When I want to conclude a Series of results in (math) context, I use "Hence, Therefore, So, Then ...", trying not to repeat them ; For example I don't write "A so B so C so..."; instead I write "A So B then C Hence...".
("A", "B" and "C" can be a short sentence, like "a < b", or can be as big as a paragraph).

Question 1. What is the differences among these words? Is there any priority using them in various places of context?
Question 2. can you add some other words like "Hence, Therefore, So, Then ...", (noting priority)?

Thank you.

  • 1
    Not a good idea to mix-and-match in the same statement. Try, for instance: A implies B, which in turn implies C; thus, [blah blah blah]. "so" is the most casual, with the others in rough order of formality (but depending on field of study): leads to, implies, entails, thus, hence, therefore, ergo. Use the earlier ones for simple logical statements; use the latter ones for larger, synoptic conclusions. In any case, be consistent, not random. In fiction, you can interchange these terms at will, but not in science. Check other literature in your field for examples. Nov 8, 2015 at 9:12
  • @BrianHitchcock gives an excellent comment/answer here, I though I'd note that these terms have a strong effect on the flow of your paper. Use whichever draws the reader forward, maintaining the pace of your writing.
    – Will
    Nov 10, 2015 at 18:48
  • thank you Will. I cant understand "Use whichever draws the reader forward, maintaining the pace of your writing". + I wonder if there is priority using them for a basic or long conclusion and a short one?

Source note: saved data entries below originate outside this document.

(* Birkhoff's representation: a nonroot [m] corresponds to the principal ideal
   [down p m]. *)
Lemma nonroots_join_irreducibles : fposet_iso (nonroots p) (join_irreducibles (ideals p)).
Proof.
have down_ji (a : fp_car (nonroots p)) :
    join_irr (exist (is_ideal p) _ (ideal_down (valP a)) : fp_car (ideals p)).
  by apply/join_irr_idealsP; exists (val a) => m'; rewrite ideal_max_down.
apply: (@iso_inj_surj (nonroots p) (join_irreducibles (ideals p))
  (fun a => exist (@join_irr (ideals p)) _ (down_ji a))).
- move=> a b /(congr1 (fun x => val (val x))) /= de; apply: val_inj.
  by apply: (reach_antisym p_acyclic); apply/(downP p_acyclic); [rewrite -de | rewrite de];
    apply/(downP p_acyclic)/reach_refl.
- move=> [[S hS] hji]; have /join_irr_idealsP [m /= maxE] := hji.
  have mmax : ideal_max S m by rewrite maxE.
  have hm : p m != None by move/is_idealP: (hS) => [h1 _]; apply: h1; case/andP: mmax.
  exists (exist _ m hm); do 2 apply: val_inj => /=.
  apply/setP=> v; apply/idP/idP => [/(downP p_acyclic) h|vS].
    by apply: (ideal_reach hS h); case/andP: mmax.
  have [N hN] := p_acyclic.
  have [y [yS ry hy]] := exists_topmost (Q := fun x => x \in S) (hN v) vS.
  have ymax : ideal_max S y by rewrite /ideal_max yS; case e: (p y) => [q|] //; exact: hy.
  by move: ymax; rewrite maxE => /eqP <-; apply/(downP p_acyclic).
- move=> a b /=; apply/idP/subsetP => [h v /(downP p_acyclic) hv|h].
    by apply/(downP p_acyclic); exact: reach_trans hv (elimT (downP p_acyclic _ _) h).
  by apply: h; exact/(downP p_acyclic)/reach_refl.
Qed.

End IdealJoinIrreducibles.

Lemma nonroots_iso (V W : finType) (p : V -> option V) (q : W -> option W) :
  acyclic p -> acyclic q -> fposet_iso (ideals p) (ideals q) ->
  fposet_iso (nonroots p) (nonroots q).
Proof.
move=> hp hq i; apply: iso_trans (nonroots_join_irreducibles hp) _.
exact: iso_trans (iso_join_irreducibles i) (iso_sym (nonroots_join_irreducibles hq)).
Qed.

For example if I have a paragraph and i want to drive "a < b" which one i can use?
    – user 1
    Nov 11, 2015 at 7:16

1 Answer 1


People use a variety of words in mathematical writings. The goal of using these conjunctions is to convey as precisely as possible the intended relations between the statements, and so the main criterion that people care about is whether what you write is unambiguous and flows naturally with the thought process. Usually it includes being grammatically correct, but mathematicians definitely won't ignore your work if it is clear what you're doing!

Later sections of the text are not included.